Search the listing for the word "Lemma". Copy every line where it is found.

==========

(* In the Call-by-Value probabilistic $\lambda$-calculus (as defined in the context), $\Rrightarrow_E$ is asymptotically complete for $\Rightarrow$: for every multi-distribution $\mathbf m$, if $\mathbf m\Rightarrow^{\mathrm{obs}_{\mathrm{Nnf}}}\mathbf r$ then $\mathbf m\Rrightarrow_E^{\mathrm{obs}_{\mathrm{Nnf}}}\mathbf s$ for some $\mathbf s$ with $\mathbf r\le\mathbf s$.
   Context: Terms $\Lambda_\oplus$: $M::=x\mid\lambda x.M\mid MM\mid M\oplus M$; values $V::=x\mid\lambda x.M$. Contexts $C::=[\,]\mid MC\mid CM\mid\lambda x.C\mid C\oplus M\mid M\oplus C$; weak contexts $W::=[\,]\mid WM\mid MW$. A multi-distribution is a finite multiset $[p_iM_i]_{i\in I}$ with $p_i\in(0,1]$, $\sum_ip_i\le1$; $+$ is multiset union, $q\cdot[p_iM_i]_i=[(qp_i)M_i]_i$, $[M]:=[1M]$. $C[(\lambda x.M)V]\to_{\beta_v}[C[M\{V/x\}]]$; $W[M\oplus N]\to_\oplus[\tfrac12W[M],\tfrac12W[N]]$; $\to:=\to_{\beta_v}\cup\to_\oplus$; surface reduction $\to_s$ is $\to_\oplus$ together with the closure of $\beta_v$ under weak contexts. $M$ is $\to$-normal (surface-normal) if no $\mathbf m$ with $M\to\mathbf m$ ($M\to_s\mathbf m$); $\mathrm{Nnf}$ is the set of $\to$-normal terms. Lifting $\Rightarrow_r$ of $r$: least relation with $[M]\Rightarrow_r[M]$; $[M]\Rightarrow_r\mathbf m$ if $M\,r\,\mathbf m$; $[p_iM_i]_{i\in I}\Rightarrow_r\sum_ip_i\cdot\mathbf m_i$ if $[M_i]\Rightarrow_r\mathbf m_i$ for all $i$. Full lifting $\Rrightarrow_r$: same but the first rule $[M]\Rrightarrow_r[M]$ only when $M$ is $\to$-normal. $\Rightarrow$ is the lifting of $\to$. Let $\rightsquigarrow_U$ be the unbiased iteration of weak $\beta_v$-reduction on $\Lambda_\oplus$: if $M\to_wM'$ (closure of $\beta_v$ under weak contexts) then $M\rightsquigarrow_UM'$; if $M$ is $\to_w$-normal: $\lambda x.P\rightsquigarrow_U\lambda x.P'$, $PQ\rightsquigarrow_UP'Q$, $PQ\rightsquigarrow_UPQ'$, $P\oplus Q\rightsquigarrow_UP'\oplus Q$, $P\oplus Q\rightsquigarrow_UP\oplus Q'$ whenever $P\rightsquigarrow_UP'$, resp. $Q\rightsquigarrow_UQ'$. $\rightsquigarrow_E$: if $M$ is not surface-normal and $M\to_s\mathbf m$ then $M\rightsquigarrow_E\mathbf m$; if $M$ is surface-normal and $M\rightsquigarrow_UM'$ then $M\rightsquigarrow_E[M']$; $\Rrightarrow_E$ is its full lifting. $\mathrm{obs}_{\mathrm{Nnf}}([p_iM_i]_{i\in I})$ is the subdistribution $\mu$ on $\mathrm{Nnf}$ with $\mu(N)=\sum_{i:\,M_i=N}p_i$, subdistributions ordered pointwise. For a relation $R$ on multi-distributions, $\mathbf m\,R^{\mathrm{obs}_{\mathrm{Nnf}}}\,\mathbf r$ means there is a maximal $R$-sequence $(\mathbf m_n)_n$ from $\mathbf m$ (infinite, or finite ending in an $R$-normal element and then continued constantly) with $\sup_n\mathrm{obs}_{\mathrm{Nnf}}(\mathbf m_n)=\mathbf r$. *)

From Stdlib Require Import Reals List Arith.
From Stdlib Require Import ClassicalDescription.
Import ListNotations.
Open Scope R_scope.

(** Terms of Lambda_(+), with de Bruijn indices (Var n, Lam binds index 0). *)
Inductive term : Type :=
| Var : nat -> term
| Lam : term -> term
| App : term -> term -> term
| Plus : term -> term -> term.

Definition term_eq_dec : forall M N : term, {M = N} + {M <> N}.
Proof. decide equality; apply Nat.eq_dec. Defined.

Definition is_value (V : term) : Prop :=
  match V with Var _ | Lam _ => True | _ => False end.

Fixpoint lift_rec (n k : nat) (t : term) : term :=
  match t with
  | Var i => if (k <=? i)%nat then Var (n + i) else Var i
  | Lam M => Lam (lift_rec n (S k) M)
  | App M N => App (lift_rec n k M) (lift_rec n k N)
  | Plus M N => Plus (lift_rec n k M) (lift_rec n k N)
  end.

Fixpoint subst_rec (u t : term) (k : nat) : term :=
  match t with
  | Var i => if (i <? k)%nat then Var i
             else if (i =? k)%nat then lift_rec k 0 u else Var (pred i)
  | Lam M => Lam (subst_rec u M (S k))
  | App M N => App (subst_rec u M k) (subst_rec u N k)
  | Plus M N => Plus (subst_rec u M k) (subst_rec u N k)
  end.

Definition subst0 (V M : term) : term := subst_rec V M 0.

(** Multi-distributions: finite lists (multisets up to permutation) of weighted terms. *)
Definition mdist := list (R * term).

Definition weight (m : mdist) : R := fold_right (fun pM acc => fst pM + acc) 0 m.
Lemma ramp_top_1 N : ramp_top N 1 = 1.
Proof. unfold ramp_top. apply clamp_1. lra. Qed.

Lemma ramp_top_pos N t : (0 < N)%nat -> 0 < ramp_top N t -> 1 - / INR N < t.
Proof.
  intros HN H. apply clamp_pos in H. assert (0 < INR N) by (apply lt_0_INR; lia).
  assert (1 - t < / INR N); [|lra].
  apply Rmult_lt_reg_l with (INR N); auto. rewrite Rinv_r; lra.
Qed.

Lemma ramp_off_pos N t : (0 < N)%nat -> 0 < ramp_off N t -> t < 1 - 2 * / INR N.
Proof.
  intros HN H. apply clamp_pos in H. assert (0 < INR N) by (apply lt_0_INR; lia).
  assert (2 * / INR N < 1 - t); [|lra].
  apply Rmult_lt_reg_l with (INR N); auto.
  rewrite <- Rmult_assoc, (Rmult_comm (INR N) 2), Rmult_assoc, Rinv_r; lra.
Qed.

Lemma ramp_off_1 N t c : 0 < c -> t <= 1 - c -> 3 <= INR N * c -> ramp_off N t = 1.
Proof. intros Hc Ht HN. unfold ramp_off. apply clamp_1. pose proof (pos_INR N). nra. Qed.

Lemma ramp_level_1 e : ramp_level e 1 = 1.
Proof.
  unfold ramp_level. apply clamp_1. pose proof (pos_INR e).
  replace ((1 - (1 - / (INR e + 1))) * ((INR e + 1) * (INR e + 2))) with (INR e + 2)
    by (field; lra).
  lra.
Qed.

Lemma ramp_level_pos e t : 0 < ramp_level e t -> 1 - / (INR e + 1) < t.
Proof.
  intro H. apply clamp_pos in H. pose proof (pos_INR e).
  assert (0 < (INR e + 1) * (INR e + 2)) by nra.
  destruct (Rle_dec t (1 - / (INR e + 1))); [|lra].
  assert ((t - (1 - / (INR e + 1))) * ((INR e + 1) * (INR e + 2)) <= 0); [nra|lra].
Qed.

==========

● **Exercise solution**
Lemma ramp_top_1 N : ramp_top N 1 = 1.
Lemma ramp_top_pos N t : (0 < N)%nat -> 0 < ramp_top N t -> 1 - / INR N < t.
Lemma ramp_off_pos N t : (0 < N)%nat -> 0 < ramp_off N t -> t < 1 - 2 * / INR N.
Lemma ramp_off_1 N t c : 0 < c -> t <= 1 - c -> 3 <= INR N * c -> ramp_off N t = 1.
Lemma ramp_level_1 e : ramp_level e 1 = 1.
Lemma ramp_level_pos e t : 0 < ramp_level e t -> 1 - / (INR e + 1) < t.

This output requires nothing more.